Ademais, ainda se confunde avaliar com a possibilidade de medir a quantidade de conhecimentos adquiridos pelos alunos e alunas, considerando o que foi ensinado pelo professor ou professora, isto é, de acordo com Maria Teresa Esteban em "Pedagogia de Projetos: entrelaçando o ensinar, o aprender e o avaliar à democratização do cotidiano escolar" (2004), "a avaliação do desempenho escolar, como resultado do exame que o professor ou professora realizada sobre o aluno ou aluna, ainda é predominante" (p. 86).
Outro aspecto da avaliação que o educador deve ter clareza diz respeito à distinção entre medir e avaliar. Ao se medir um fenômeno por meio de escala, provas, testes, classificação ou categorização, apenas leva-se em consideração dados sobre uma grandeza do fenômeno. Avaliar é mais do que isso, pois implica em se utilizar dessas medidas para se construir o significado dessas grandezas em relação ao que está sendo analisado quando considerado como um todo, em suas relações com outros fenômenos, suas características historicamente consideradas, o contexto de sua manifestação, dentro dos objetivos e metas definidos para o processo de avaliação, considerando os valores sociais envolvidos. A partir dessa definição do ato de avaliar, pode-se concluir que a questão metodológica da avaliação deve ser tratada com pluralidade e maior flexibilidade a fim de contemplar as peculiaridades existentes no cotidiano escolar.

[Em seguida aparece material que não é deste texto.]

(* Let $G=(V,E)$ be an $n$-node $d$-dimensional $\alpha$-quasi unit ball graph. Let $G_0=(V,E_0)$ be its spanning subgraph with $E_0=\{\{u,v\}\in E: |uv|\le \alpha/n\}$. Then the vertex set of every connected component of $G_0$ induces a clique in $G$.
   Context: A $d$-dimensional $\alpha$-quasi unit ball graph, for $0<\alpha\le1$, is a graph whose vertices correspond one-to-one to points of $\mathbb{R}^d$. Writing $|uv|$ for the Euclidean distance between the points of $u$ and $v$, it satisfies: $|uv|\le\alpha$ implies $\{u,v\}$ is an edge, and $|uv|>1$ implies $\{u,v\}$ is not an edge. *)

From mathcomp Require Import all_boot all_order all_algebra.
From mathcomp Require Import reals.
Set Implicit Arguments. Unset Strict Implicit. Unset Printing Implicit Defensive.
Import Order.TTheory GRing.Theory Num.Theory.
Local Open Scope ring_scope.

Definition edist (R : realType) (d : nat) (x y : 'rV[R]_d) : R :=
  Num.sqrt (\sum_(i < d) (x 0 i - y 0 i) ^+ 2).

Definition simple_graph (V : finType) (e : rel V) : Prop :=
  symmetric e /\ irreflexive e.

Definition quasi_unit_ball_graph (R : realType) (d : nat) (alpha : R)
    (V : finType) (e : rel V) (p : V -> 'rV[R]_d) : Prop :=
  [/\ 0 < alpha /\ alpha <= 1, simple_graph e, injective p,
      (forall u v, u != v -> edist (p u) (p v) <= alpha -> e u v) &
      (forall u v, 1 < edist (p u) (p v) -> ~~ e u v)].

Definition short_edges (R : realType) (d : nat) (V : finType) (e : rel V)
    (p : V -> 'rV[R]_d) (bound : R) : rel V :=
  fun u v => e u v && (edist (p u) (p v) <= bound).

Definition is_clique (V : finType) (e : rel V) (S : {set V}) : Prop :=
  forall u v, u \in S -> v \in S -> u != v -> e u v.

From mathcomp Require Import all_boot all_order all_algebra.
From mathcomp Require Import reals.
From mathcomp Require Import ring lra.
Set Implicit Arguments. Unset Strict Implicit. Unset Printing Implicit Defensive.
Import Order.TTheory GRing.Theory Num.Theory.
Local Open Scope ring_scope.

(* Two vertices of a component of G_0 are joined by a simple path of short
   edges; it has fewer than n edges, each of length at most alpha/n, so by the
   triangle inequality the two points are at distance at most alpha and hence
   adjacent in G. The triangle inequality for the Euclidean distance is
   Minkowski's inequality, derived from Cauchy-Schwarz via Lagrange's
   identity. *)

Section SumOfSquares.
Variables (R : rcfType) (I : finType).

Lemma sum_sqr_ge0 (f : I -> R) : 0 <= \sum_i f i ^+ 2.
Proof. by apply: sumr_ge0 => i _; exact: sqr_ge0. Qed.

Variables a b : I -> R.

Lemma lagrange_identity :
  \sum_i \sum_j (a i * b j - a j * b i) ^+ 2 =
  2 * ((\sum_i a i ^+ 2) * (\sum_i b i ^+ 2) - (\sum_i a i * b i) ^+ 2).
Proof.
rewrite expr2 !big_distrlr /=.
set P := \sum_i \sum_j (a i ^+ 2 * b j ^+ 2).
set Q := \sum_i \sum_j (a i * b i * (a j * b j)).
have -> : \sum_i \sum_j (a i * b j - a j * b i) ^+ 2 =
    P + \sum_i \sum_j (a j ^+ 2 * b i ^+ 2) - 2 * Q.
  rewrite mulr_sumr -big_split -sumrB /=; apply: eq_bigr => i _.
  rewrite mulr_sumr -big_split -sumrB /=; apply: eq_bigr => j _; ring.
rewrite exchange_big -/P; ring.
Qed.

Lemma cauchy_schwarz :
  \sum_i a i * b i <= Num.sqrt (\sum_i a i ^+ 2) * Num.sqrt (\sum_i b i ^+ 2).
Proof.
set A := \sum_i a i ^+ 2; set B := \sum_i b i ^+ 2; set X := \sum_i a i * b i.
have AB_ge0 : 0 <= A * B - X ^+ 2.
  rewrite -(@pmulr_rge0 _ 2) // -lagrange_identity.
  by apply: sumr_ge0 => i _; exact: sum_sqr_ge0.
rewrite -sqrtrM ?sum_sqr_ge0 // (le_trans (ler_norm X)) //.
by rewrite -sqrtr_sqr ler_sqrt ?mulr_ge0 ?sum_sqr_ge0 // -subr_ge0.
Qed.

Lemma minkowski :
  Num.sqrt (\sum_i (a i + b i) ^+ 2) <=
  Num.sqrt (\sum_i a i ^+ 2) + Num.sqrt (\sum_i b i ^+ 2).
Proof.
have := cauchy_schwarz.
set A := \sum_i a i ^+ 2; set B := \sum_i b i ^+ 2; set X := \sum_i a i * b i.
have -> : \sum_i (a i + b i) ^+ 2 = A + 2 * X + B.
  by rewrite /A /B /X mulr_sumr -!big_split /=; apply: eq_bigr => i _; ring.
have sA : Num.sqrt A ^+ 2 = A := sqr_sqrtr (sum_sqr_ge0 a).
have sB : Num.sqrt B ^+ 2 = B := sqr_sqrtr (sum_sqr_ge0 b).
rewrite -[Num.sqrt A + _]ger0_norm ?addr_ge0 ?sqrtr_ge0 //.
rewrite -sqrtr_sqr ler_sqrt ?sqr_ge0 // sqrrD sA sB mulr2n.
move=> ?; lra.
Qed.

End SumOfSquares.

Section EuclideanDistance.
Variables (R : realType) (d : nat).

Lemma edistxx (x : 'rV[R]_d) : edist x x = 0.
Proof. by rewrite /edist big1 ?sqrtr0 // => i _; rewrite subrr expr0n. Qed.

Lemma edistC (x y : 'rV[R]_d) : edist x y = edist y x.
Proof. by rewrite /edist; congr Num.sqrt; apply: eq_bigr => i _; ring. Qed.

Lemma edist_triangle (x y z : 'rV[R]_d) : edist x z <= edist x y + edist y z.
Proof.
rewrite /edist (eq_bigr (fun i => ((x 0 i - y 0 i) + (y 0 i - z 0 i)) ^+ 2)).
  exact: minkowski.
by move=> i _; rewrite addrA subrK.
Qed.

Lemma path_edist_le (T : Type) (r : rel T) (p : T -> 'rV[R]_d) (bound : R) :
    (forall u v, r u v -> edist (p u) (p v) <= bound) ->
  forall x q, path r x q -> edist (p x) (p (last x q)) <= (size q)%:R * bound.
Proof.
move=> r_bound x q; elim: q x => [|y q IHq] x /=.
  by rewrite edistxx mul0r.
case/andP=> /r_bound rxy /IHq ryq.
rewrite -addn1 natrD mulrDl mul1r.
by apply: le_trans (edist_triangle _ (p y) _) _; lra.
Qed.

End EuclideanDistance.

Lemma connect_short_path (T : finType) (r : rel T) (x y : T) :
  connect r x y -> exists q, [/\ path r x q, last x q = y & (size q < #|T|)%N].
Proof.
case/connectP=> q0 /shortenP[q rq uq _] ->; exists q; split=> //.
by rewrite -ltnS -[(size q).+1]/(size (x :: q)) -(card_uniqP uq); exact: max_card.
Qed.

Theorem lemma2p1 (R : realType) (d n : nat) (alpha : R)
    (V : finType) (e : rel V) (p : V -> 'rV[R]_d) :
  #|V| = n ->
  quasi_unit_ball_graph alpha e p ->
  forall x : V,
    is_clique e [set y | connect (short_edges e p (alpha / n%:R)) x y].
Proof.
move=> card_n [[alpha_gt0 _] [e_sym _] _ e_close _] x u v.
rewrite !inE => xu xv uv; apply: e_close => //.
set r := short_edges e p (alpha / n%:R).
have r_sym : symmetric r by move=> y z; rewrite /r /short_edges e_sym edistC.
have : connect r u v by rewrite (connect_trans _ xv) // sym_connect_sym.
case/connect_short_path=> q [rq <-]; rewrite card_n => q_lt_n.
have n_gt0 : 0 < n%:R :> R by rewrite ltr0n (leq_ltn_trans _ q_lt_n).
have r_short y z : r y z -> edist (p y) (p z) <= alpha / n%:R by case/andP.
apply: le_trans (path_edist_le r_short rq) _.
rewrite mulrCA ger_pMr // ler_pdivrMr // mul1r ler_nat.
exact: ltnW.
Qed.
(* Let $\mathcal{A}$ be a safe GTA without renamings with $n\ge1$ clocks, and let $M\in\mathbb{N}$ be such that every finite constant $c$ in a guard of $\mathcal{A}$ satisfies $|c|\le M$. Let $\rho: (q_1,v_1)\xrightarrow{\delta_1,t_1}(q_2,v_2)\xrightarrow{\delta_2,t_2}\cdots(q_k,v_k)$ be a path in the transition system of $\mathcal{A}$ such that $v_1\sim_M v_k$ and for every future clock $x$, either $x$ is released in the transition sequence $t_1\dots t_{k-1}$ or $v_1(x)=-\infty$. Let $L=\{x\mid -M\le v_1(x)\}$, and let $v_k'$ be a valuation with $v_k'\!\downarrow_L=v_k\!\downarrow_L$ and $v_1\approx_M v_k'$. Then there is a path $\rho': (q_1,v_1)=(q_1,v_1')\xrightarrow{\delta_1,t_1}(q_2,v_2')\xrightarrow{\delta_2,t_2}\cdots(q_k,v_k')$ in the transition system of $\mathcal{A}$ leading from $(q_1,v_1)$ to $(q_k,v_k')$.
   Context: Clocks, valuations: $X=X_F\uplus X_H$ (future / history clocks), $n=|X|$, constant clock $0$; $\overline{\mathbb{R}}=\mathbb{R}\cup\{\pm\infty\}$ with $(+\infty)+\alpha=+\infty$, $(-\infty)+\beta=-\infty$ for $\beta\ne+\infty$, $-(\pm\infty)=\mp\infty$. A valuation $v:X\cup\{0\}\to\overline{\mathbb{R}}$ has $v(0)=0$, history clocks in $\mathbb{R}_{\ge0}\cup\{+\infty\}$, future clocks in $\mathbb{R}_{\le0}\cup\{-\infty\}$; $v\!\downarrow_L$ is restriction to $L$. Constraints: conjunctions of $x-y\triangleleft c$ ($x,y\in X\cup\{0\}$, ${\triangleleft}\in\{<,\le\}$, $c\in\mathbb{Z}\cup\{\pm\infty\}$), $v\models x-y\triangleleft c$ iff $v(x)-v(y)\triangleleft c$. $v+\delta$ adds $\delta$ to each clock; $[R]v$ is the set of $v'$ with $v'(x)=0$ for $x\in R\cap X_H$, $v'(x)=v(x)$ for $x\notin R$, arbitrary for $x\in R\cap X_F$ (released). GTA without renamings: transitions $t=(q,a,\mathsf{prog},q')$, $\mathsf{prog}$ a sequence of guards $g$ ($v\xrightarrow{g}v$ iff $v\models g$) and changes $[R]$ ($v\xrightarrow{[R]}v'$ iff $v'\in[R]v$); a future clock $x$ is released in $t$ if $\mathsf{prog}$ contains $[R]$ with $x\in R$. A step $(q,v)\xrightarrow{\delta,t}(q',v')$ means $v+\delta$ is a valuation and $v+\delta\xrightarrow{\mathsf{prog}}v'$. Safety: with $X_D$ the future clocks occurring in guards $x-y\triangleleft c$ with $x,y\in X_F$, every program checks each clock of $X_D$ to be $0$ or $-\infty$ before releasing it, and initial guards force every history clock to $0$ or $+\infty$. For $\alpha\in\mathbb{R}$, $\{\alpha\}=\alpha-\lfloor\alpha\rfloor$. $\alpha\sim_K\beta$ iff $\alpha\triangleleft c\iff\beta\triangleleft c$ for ${\triangleleft}\in\{<,\le\}$, $c\in\{\pm\infty\}$ or $c\in\mathbb{Z}$ with $|c|\le K$; $v_1\sim_M v_2$ iff $v_1(x)\sim_{nM}v_2(x)$ for all $x$ and $v_1(x)-v_1(y)\sim_{(n+1)M}v_2(x)-v_2(y)$ for all $x,y$. $v_1\approx_M v_2$ iff for all clocks $x,y$: (1) $v_1(x)\triangleleft c\iff v_2(x)\triangleleft c$ for $c\in\{\pm\infty\}$ or $c\in\mathbb{Z}$, $c\le M$; (2) $v_1\models x-y\triangleleft c\iff v_2\models x-y\triangleleft c$ for $c\in\{\pm\infty\}$ or $c\in\mathbb{Z}$, $|c|\le M$; (3) if $-\infty<v_1(x),v_1(y)\le M$ then $\{v_1(x)\}\le\{v_1(y)\}\iff\{v_2(x)\}\le\{v_2(y)\}$. *)

From mathcomp Require Import ssreflect ssrbool eqtype fintype.
From Stdlib Require Import Reals ZArith List.
Set Implicit Arguments.
Unset Strict Implicit.
Open Scope R_scope.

Finalmente, é fundamental também uma reflexão e mudança na cultura escolar de uso da avaliação como mecanismo de classificação dos alunos e das alunas em capaz/incapaz, forte/fraco, bom/mau, etc. Esse tipo de classificação apenas estimula a reprodução de um círculo vicioso de baixa-estima, desestímulo do aprendizado, evasão escolar, intensificação das desigualdades e exclusão social. Afinal, a escola não pode ser um ambiente propagador de uma lógica histórica excludente ainda dominante na sociedade brasileira.
Referências:
ESTEBAN, Maria Teresa. Pedagogia de Projetos: entrelaçando o ensinar, o aprender e o avaliar à democratização do cotidiano escolar. In: SILVA, J. F.; HOFFMANN, J.; ESTEBAN, M. T. (Org.). Práticas avaliativas e aprendizagens significativas: em diferentes áreas do currículo. 3.ed. Porto Alegre: Mediação, 2004, p. 81-92.
_________. O que sabe quem erra? Reflexões sobre a avaliação e fracasso escolar. Rio de Janeiro: DP&A, 2001.